» **What needs to be done**: Below are records; reproduce exactly the lines from the one that has "match s with" through the one that has "match s return Kt s -> R", ends included, and nothing more.

» **Data to examine**:
☆ ☆ ☆
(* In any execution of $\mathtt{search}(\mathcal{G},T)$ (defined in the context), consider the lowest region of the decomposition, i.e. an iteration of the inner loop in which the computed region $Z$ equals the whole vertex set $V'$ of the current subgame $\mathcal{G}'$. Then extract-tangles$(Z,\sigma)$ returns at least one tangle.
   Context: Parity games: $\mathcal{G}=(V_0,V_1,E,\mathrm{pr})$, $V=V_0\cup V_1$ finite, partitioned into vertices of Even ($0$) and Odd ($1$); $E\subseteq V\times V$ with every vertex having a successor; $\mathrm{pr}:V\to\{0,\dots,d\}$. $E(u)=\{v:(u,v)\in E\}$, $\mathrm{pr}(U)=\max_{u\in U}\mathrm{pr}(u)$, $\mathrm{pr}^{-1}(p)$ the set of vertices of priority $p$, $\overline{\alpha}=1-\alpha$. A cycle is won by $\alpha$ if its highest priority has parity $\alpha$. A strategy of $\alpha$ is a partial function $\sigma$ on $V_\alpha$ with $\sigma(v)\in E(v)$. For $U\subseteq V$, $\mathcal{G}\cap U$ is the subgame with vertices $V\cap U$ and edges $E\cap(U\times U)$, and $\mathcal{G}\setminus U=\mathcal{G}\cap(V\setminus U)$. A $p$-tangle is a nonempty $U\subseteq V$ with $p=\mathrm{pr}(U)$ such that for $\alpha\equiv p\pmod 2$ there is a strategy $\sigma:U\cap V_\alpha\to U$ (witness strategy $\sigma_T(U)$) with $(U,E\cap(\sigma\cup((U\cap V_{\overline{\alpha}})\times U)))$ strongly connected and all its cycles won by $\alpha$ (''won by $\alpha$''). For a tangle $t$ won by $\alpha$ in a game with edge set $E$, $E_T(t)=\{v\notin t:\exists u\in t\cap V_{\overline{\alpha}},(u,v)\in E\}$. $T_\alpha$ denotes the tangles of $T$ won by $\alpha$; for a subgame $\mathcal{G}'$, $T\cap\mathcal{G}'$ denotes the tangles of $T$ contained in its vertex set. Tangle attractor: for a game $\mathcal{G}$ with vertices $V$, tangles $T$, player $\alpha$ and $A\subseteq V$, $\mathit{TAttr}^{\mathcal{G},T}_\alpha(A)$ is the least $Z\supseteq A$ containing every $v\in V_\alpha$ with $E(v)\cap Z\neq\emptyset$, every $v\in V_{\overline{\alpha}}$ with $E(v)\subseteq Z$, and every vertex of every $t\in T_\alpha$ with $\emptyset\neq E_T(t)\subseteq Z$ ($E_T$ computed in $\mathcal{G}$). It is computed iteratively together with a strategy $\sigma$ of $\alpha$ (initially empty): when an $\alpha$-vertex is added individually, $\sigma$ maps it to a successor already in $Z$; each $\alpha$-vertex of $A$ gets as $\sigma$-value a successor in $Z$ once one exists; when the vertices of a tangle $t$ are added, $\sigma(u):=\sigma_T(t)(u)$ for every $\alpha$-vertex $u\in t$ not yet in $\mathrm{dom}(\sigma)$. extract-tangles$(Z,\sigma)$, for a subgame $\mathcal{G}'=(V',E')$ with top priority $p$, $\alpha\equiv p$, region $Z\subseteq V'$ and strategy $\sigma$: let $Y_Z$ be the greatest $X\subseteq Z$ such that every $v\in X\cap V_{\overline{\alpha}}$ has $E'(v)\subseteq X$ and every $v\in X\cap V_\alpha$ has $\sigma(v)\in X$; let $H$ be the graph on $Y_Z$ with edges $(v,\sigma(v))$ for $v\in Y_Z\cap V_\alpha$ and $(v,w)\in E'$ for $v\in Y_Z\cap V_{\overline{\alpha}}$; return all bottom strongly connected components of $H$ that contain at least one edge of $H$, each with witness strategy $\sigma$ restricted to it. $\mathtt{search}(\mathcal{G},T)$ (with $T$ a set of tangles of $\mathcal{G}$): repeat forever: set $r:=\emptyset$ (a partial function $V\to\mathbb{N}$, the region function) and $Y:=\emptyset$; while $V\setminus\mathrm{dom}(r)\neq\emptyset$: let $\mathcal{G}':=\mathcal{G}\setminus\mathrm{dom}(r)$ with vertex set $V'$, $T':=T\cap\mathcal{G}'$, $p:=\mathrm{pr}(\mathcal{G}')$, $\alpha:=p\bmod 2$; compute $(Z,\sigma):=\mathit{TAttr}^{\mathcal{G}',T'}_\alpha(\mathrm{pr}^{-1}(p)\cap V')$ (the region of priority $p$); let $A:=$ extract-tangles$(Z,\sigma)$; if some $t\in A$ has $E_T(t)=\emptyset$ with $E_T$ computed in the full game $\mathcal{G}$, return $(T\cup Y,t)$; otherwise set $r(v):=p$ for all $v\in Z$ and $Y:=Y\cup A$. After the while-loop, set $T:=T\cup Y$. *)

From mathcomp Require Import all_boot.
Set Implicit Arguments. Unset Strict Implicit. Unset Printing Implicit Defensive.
☆ ☆ ☆
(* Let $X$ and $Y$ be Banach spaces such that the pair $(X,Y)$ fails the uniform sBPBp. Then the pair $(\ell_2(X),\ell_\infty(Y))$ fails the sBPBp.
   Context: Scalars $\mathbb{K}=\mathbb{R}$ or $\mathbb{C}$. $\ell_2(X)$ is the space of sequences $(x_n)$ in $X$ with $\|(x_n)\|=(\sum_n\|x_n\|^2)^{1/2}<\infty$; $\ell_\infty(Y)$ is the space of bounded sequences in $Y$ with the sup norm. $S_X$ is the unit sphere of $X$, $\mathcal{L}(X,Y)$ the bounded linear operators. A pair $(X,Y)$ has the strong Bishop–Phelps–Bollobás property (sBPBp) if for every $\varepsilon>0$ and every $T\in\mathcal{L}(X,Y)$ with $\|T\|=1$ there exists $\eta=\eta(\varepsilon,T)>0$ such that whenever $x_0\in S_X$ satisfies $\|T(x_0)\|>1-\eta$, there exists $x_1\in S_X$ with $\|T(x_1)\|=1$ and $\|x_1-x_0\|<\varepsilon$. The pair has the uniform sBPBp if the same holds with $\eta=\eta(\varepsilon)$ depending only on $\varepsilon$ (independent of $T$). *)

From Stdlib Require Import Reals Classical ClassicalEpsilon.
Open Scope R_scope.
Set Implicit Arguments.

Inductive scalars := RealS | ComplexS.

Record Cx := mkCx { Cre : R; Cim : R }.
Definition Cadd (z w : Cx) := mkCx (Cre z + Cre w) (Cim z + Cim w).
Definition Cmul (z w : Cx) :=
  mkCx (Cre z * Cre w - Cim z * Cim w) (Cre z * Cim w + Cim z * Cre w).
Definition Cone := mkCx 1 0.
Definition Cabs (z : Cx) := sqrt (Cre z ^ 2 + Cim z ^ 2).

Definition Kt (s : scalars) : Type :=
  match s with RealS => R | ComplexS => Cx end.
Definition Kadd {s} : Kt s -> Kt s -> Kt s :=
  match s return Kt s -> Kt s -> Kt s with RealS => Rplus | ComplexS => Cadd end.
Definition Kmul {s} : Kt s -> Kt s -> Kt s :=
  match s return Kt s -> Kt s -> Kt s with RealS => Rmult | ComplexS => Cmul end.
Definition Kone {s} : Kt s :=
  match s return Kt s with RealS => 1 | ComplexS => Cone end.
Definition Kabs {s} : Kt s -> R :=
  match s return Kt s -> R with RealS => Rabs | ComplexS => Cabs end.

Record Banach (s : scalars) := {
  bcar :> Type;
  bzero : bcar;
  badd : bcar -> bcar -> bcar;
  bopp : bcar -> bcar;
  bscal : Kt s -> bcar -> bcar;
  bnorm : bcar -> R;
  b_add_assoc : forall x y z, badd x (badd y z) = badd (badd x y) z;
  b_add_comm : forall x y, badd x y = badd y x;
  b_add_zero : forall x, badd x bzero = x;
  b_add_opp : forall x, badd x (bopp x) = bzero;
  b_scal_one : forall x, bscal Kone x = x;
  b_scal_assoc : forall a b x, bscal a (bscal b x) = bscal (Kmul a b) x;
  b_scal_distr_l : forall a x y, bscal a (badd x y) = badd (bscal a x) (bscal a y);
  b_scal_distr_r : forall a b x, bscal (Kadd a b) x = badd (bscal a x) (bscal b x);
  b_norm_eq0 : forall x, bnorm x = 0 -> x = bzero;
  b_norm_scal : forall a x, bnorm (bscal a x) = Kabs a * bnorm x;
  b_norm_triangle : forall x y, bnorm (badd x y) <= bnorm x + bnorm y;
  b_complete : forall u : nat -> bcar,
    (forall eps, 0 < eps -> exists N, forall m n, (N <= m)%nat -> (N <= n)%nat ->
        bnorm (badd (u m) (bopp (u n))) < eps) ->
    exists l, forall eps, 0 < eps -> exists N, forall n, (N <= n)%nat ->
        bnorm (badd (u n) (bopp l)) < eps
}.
☆ ☆ ☆
» **Result for this exercise**:
  match s with RealS => R | ComplexS => Cx end.
Definition Kadd {s} : Kt s -> Kt s -> Kt s :=
  match s return Kt s -> Kt s -> Kt s with RealS => Rplus | ComplexS => Cadd end.
Definition Kmul {s} : Kt s -> Kt s -> Kt s :=
  match s return Kt s -> Kt s -> Kt s with RealS => Rmult | ComplexS => Cmul end.
Definition Kone {s} : Kt s :=
  match s return Kt s with RealS => 1 | ComplexS => Cone end.
Definition Kabs {s} : Kt s -> R :=
  match s return Kt s -> R with RealS => Rabs | ComplexS => Cabs end.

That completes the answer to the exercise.